Tuesday, 26 Nov 2024

LGBT Purge survivors urge education, awareness

When Wayne Davis embarked on his RCMP career in 1965, he was fulfilling a childhood dream that would take him across the country, and eventually, into a dark part of Canada’s history that is often left in the shadows.

From the 1950s to mid-1990s, thousands of LGBT members of RCMP, the Canadian Armed Forces, and Federal Public Services were weeded out through an unspoken policy known as ‘The Purge’.

For Davis, it brought a swift end to an 18-year career as a staff sergeant. In fact, homosexuality was illegal in Canada during his first two years with RCMP.

“I was promoted again and moved to Toronto, where my career came to a screeching halt in 1985,” Davis, who was closeted at work at the time, recalled. “I was called into administration one day, and they said ‘someone saw you in a gay bar. Why were you in a gay bar?’ I guess I could have said I was there with a gay friend- but I was tired and a little bit defiant. I simply said ‘I was in a gay bar because I’m gay’.”

The often abusive and degrading tactics are summarized in a documentary called The Fruit Machine; named for a failed device commissioned to detect homosexuality.

Michelle Douglas was enjoying early career success in the Armed Forces when she went through a disturbing investigation.

“One day my boss came to see me. He said we had an investigation to attend to. The next thing I know, I was dropped off at a hotel room where I was interrogated for days by military police officers about my sexual orientation,” Douglas said. “It was devastating. It was an incredibly hard period of time. I felt humiliated, embarrassed, ashamed, and scared.”

She would go on to successfully sue the military in a landmark 1992 case that ended Canada’s formalized ban on LGBT people in the armed forces.

In the decades since, the pair are proud to see 2SLGBTQIA+ rights progress.

Douglas was in the House of Commons for Prime Minister Justin Trudeau’s apology for historical mistreatment of LGBTQ2 Canadians.

WATCH: “Your country failed you:” Trudeau apologizes for Canadian government turning away MS St Louis refugees in 1939

“It was a measure of justice I didn’t get long ago. It was a long journey, no question about it. Some of the reflections from the past are still very difficult for me to think about today. But I’m an optimist. I also know how lucky I am to live in Canada, where change is possible.”

While Davis describes himself as a ‘newborn activist’ that was skeptical of the apology, it quickly came to hold a special place in his heart.

“You apologize for the Head Tax, Japanese internment, aboriginal residential schools- what does that serve,” Davis mused. “It’s incredibly meaningful for the person or group or organization being apologized to. That shocked me, how meaningful it was to me.”

“Apologies mean something. Apologies are the start of righting a wrong.”

UR Pride Centre for Sexuality and Gender Diversity Jacq Brasseur says education about topics like the purge is important to continue to tackle systemic issues.

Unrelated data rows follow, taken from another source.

Lemma C_improper_Cmul c f I : C_improper f I -> C_improper (fun y => Cmul c (f y)) (Cmul c I).
Proof.
 rewrite !C_improper_iff. destruct c as [c1 c2]. intros [H1 H2]. unfold Cmul; simpl. split.
 - apply is_RInt_improper_ext with (fun y => c1 * fst (f y) + - c2 * snd (f y)); [intros; ring|].
   replace (c1 * fst I - c2 * snd I) with (c1 * fst I + - c2 * snd I) by ring.
   apply is_RInt_improper_lin; [apply is_RInt_improper_scal|]; assumption.
 - apply is_RInt_improper_ext with (fun y => c1 * snd (f y) + c2 * fst (f y)); [intros; ring|].
   apply is_RInt_improper_lin; [apply is_RInt_improper_scal|]; assumption.
Qed.

Lemma C_improper_comp_shift f I c :
  continuity (fun y => fst (f y)) -> continuity (fun y => snd (f y)) ->
  C_improper f I -> C_improper (fun y => f (y + c)) I.
Proof.
 rewrite !C_improper_iff. intros Hc1 Hc2 [H1 H2].
 split; now apply (is_RInt_improper_comp_shift (fun y => _ (f y))).
Qed.

Theorem C_improper_gauss_fourier be :
  C_improper (fun y => Cexp (- (y ^ 2 / 2), be * y)) (sqrt (2 * PI) * exp (- (be ^ 2 / 2)), 0).
Proof.
 apply C_improper_iff. unfold Cexp; simpl.
 split; [apply is_RInt_improper_gauss_cos | apply is_RInt_improper_gauss_sin].
Qed.

(* Completing the square: the integrand is e^{al^2/2 + i al be} times the shift by -al of
   the Fourier integrand. *)
Theorem C_improper_gauss_exp al be :
  C_improper (fun y => Cexp (- (y ^ 2 / 2) + al * y, be * y))
    (Cscale (sqrt (2 * PI)) (Cexp ((al ^ 2 - be ^ 2) / 2, al * be))).
Proof.
 set (c := Cexp (al ^ 2 / 2, al * be)).
 assert (H := C_improper_Cmul c _ _ (C_improper_gauss_fourier be)).
 apply C_improper_comp_shift with (c := - al) in H; [| unfold Cmul, Cexp; simpl; reg ..].
 replace (Cscale (sqrt (2 * PI)) (Cexp ((al ^ 2 - be ^ 2) / 2, al * be)))
   with (Cmul c (sqrt (2 * PI) * exp (- (be ^ 2 / 2)), 0)).
 - apply C_improper_ext with (2 := H). intros y. unfold c. rewrite <- Cexp_add.
   apply Cexp_ext; unfold Cadd; simpl; field.
 - unfold c. replace ((al ^ 2 - be ^ 2) / 2, al * be) with (Cadd (al ^ 2 / 2, al * be) (- (be ^ 2 / 2), 0))
     by (unfold Cadd; simpl; f_equal; field).
   rewrite Cexp_add, Cexp_real. destruct (Cexp (al ^ 2 / 2, al * be)).
   unfold Cmul, Cscale; simpl. f_equal; ring.
Qed.

Corollary is_RInt_improper_gauss_exp al :
  is_RInt_improper (fun y => exp (- (y ^ 2 / 2) + al * y)) (sqrt (2 * PI) * exp (al ^ 2 / 2)).
Proof.
 destruct (proj1 (C_improper_iff _ _) (C_improper_gauss_exp al 0)) as [H _].
 unfold Cexp, Cscale in H; cbn [fst snd] in H.
 replace ((al ^ 2 - 0 ^ 2) / 2) with (al ^ 2 / 2) in H by field.
 rewrite Rmult_0_r, cos_0, Rmult_1_r in H.
 apply is_RInt_improper_ext with (2 := H). intros y. rewrite Rmult_0_l, cos_0. ring.
Qed.

Theorem C_tannery (f : nat -> R -> Cx) (h : nat -> R -> R) (F : R -> Cx) (I : nat -> Cx) (beta : nat -> R) :
  (forall n, continuity (fun y => fst (f n y)) /\ continuity (fun y => snd (f n y))) ->
  (forall n y, Rabs (fst (f n y)) <= h n y /\ Rabs (snd (f n y)) <= h n y) ->
  (forall y, Csums (fun n => f n y) (F y)) ->
  (forall n, C_improper (f n) (I n)) ->
  (forall n, is_RInt_improper (h n) (beta n)) -> summable beta ->
  (forall r, exists m, summable m /\ forall n y, Rabs y <= r -> h n y <= m n) ->
  exists l, Csums I l /\ C_improper F l.
Proof.
 intros Hc Hh Hs Hi Hhi Hb Hloc.
 assert (Hs' := fun y => proj1 (Csums_iff _ _) (Hs y)).
 assert (Hi' := fun n => proj1 (C_improper_iff _ _) (Hi n)).
 destruct (tannery (fun n y => fst (f n y)) h (fun y => fst (F y)) (fun n => fst (I n)) beta
   (fun n => proj1 (Hc n)) (fun n y => proj1 (Hh n y)) (fun y => proj1 (Hs' y))
   (fun n => proj1 (Hi' n)) Hhi Hb Hloc) as [l1 [Hl1 HF1]].
 destruct (tannery (fun n y => snd (f n y)) h (fun y => snd (F y)) (fun n => snd (I n)) beta
   (fun n => proj2 (Hc n)) (fun n y => proj2 (Hh n y)) (fun y => proj2 (Hs' y))
   (fun n => proj2 (Hi' n)) Hhi Hb Hloc) as [l2 [Hl2 HF2]].
 exists (l1, l2). split; [apply Csums_iff | apply C_improper_iff]; auto.
Qed.

(** * Term-by-term integration of E *)

(* Each factor satisfies p^{-l} - q^l = p^{-l} (1 - (pq)^l) >= p^{-l} (1 - pq). *)
Lemma pqfact_bound p q n : 0 < p -> 0 < p * q < 1 ->
  0 < pqfact p q n /\ (1 - p * q) ^ n <= pqfact p q n * sqrt p ^ (n * n + n).
Proof.
 intros Hp Hpq. induction n as [|n [H1 H2]]; [simpl; lra|]. cbn [pqfact].
 set (d := / p ^ S n - q ^ S n).
 assert (Hps : 0 < p ^ S n) by now apply pow_lt.
 assert (Hd : 1 - p * q <= d * p ^ S n).
 { unfold d. rewrite Rmult_minus_distr_r, Rinv_l, <- Rpow_mult_distr, Rmult_comm by lra.
   simpl pow. assert ((q * p) ^ n <= 1) by (rewrite <- (pow1 n); apply pow_incr; lra). nra. }
 assert (Hd0 : 0 < d) by (apply (Rmult_lt_reg_r (p ^ S n)); lra).
 split; [now apply Rmult_lt_0_compat|].
 replace (S n * S n + S n)%nat with ((n * n + n) + 2 * S n)%nat by lia.
 rewrite pow_add, pow_mult. replace (sqrt p ^ 2) with p by (simpl; rewrite Rmult_1_r, sqrt_sqrt; lra).
 assert (0 <= (1 - p * q) ^ n) by (apply pow_le; lra).
 apply Rle_trans with ((pqfact p q n * sqrt p ^ (n * n + n)) * (d * p ^ S n)).
 - rewrite <- tech_pow_Rmult, Rmult_comm. apply Rmult_le_compat; lra.
 - right. ring.
Qed.

Lemma inv_pqfact_le p q n : 0 < p -> 0 < p * q < 1 ->
  / pqfact p q n <= sqrt p ^ (n * n + n) / (1 - p * q) ^ n.
Proof.
 intros Hp Hpq. destruct (pqfact_bound p q n Hp Hpq) as [H1 H2].
 assert (0 < (1 - p * q) ^ n) by (apply pow_lt; lra).
 apply (Rmult_le_reg_r ((1 - p * q) ^ n)); auto. unfold Rdiv. rewrite Rmult_assoc, Rinv_l by lra.
 apply (Rmult_le_reg_l (pqfact p q n)); auto. rewrite <- Rmult_assoc, Rinv_r by lra. lra.
Qed.

Section Main.

Variables (p k q zeta x : R) (rho t : Cx).
Hypothesis hp : 0 < p.
Hypothesis hk : 0 < k.
Hypothesis hpq0 : 0 < p * q.
Hypothesis hpq1 : p * q < 1.
Hypothesis hcond : p * exp (- ((2 * zeta - Cim rho ^ 2) * k ^ 2)) < 1.

Definition E_coef (n : nat) : Cx := Cscale (/ pqfact p q n * exp (- (k ^ 2 * INR n ^ 2) * zeta)) (Cpow t n).
Definition lin_re (n : nat) : R := - (INR n * k * Cim rho).
Definition lin_im (n : nat) : R := x + INR n * k * Cre rho.
Definition E_zeta_arg (y : R) : Cx := Cmul t (Cexp (Cscale (k * y) (Cmul Ci rho))).

Lemma Eterm_zeta n y : Eterm k p q (RtoC zeta) (E_zeta_arg y) n =
  Cmul (E_coef n) (Cexp (lin_re n * y, INR n * k * Cre rho * y)).
Proof.
 unfold Eterm, E_zeta_arg, E_coef. rewrite Cpow_Cmul, Cpow_Cexp.
 replace (Cexp (Cscale (INR n) (Cscale (k * y) (Cmul Ci rho)))) with (Cexp (lin_re n * y, INR n * k * Cre rho * y))
   by (apply Cexp_ext; unfold lin_re, Cscale, Cmul, Ci, Cre, Cim; simpl; ring).
 replace (Cexp (Cscale (- (k ^ 2 * INR n ^ 2)) (RtoC zeta))) with (Cexp (- (k ^ 2 * INR n ^ 2) * zeta, 0))
   by (apply Cexp_ext; unfold Cscale, RtoC; simpl; ring).
 rewrite Cexp_real. destruct (Cpow t n), (Cexp (lin_re n * y, INR n * k * Cre rho * y)).
 unfold Cscale, Cmul; simpl. f_equal; ring.
Qed.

“Every day I talk to LGBT people who have not been invited for second interviews after being seen, I’ve heard stories of people whose workplaces have become hostile for them and there’s almost a feeling of having to resign.”

“I just hope what people take away from this is learning more about Canadian history and about how LGBT people have been persecuted by the Canadian government and have more conversations about how transphobia and homophobia, at a systemic level, still exists.

Douglas and Davis will speak at the University of Regina on Friday night before speaking at CFB Moose Jaw on Saturday.

They’re also urging other survivors of the purge to apply for compensations and other reparative measures before April 25th as part of a major settlement with the federal government.

In a 2016 national class-action lawsuit, the Government of Canada was sued for its role in the Purge. Over $100 million from the settlement is reserved for compensating LGBTQ+ people who were victimized, while another $15 million is for historical reconciliation, education, and memorialization projects.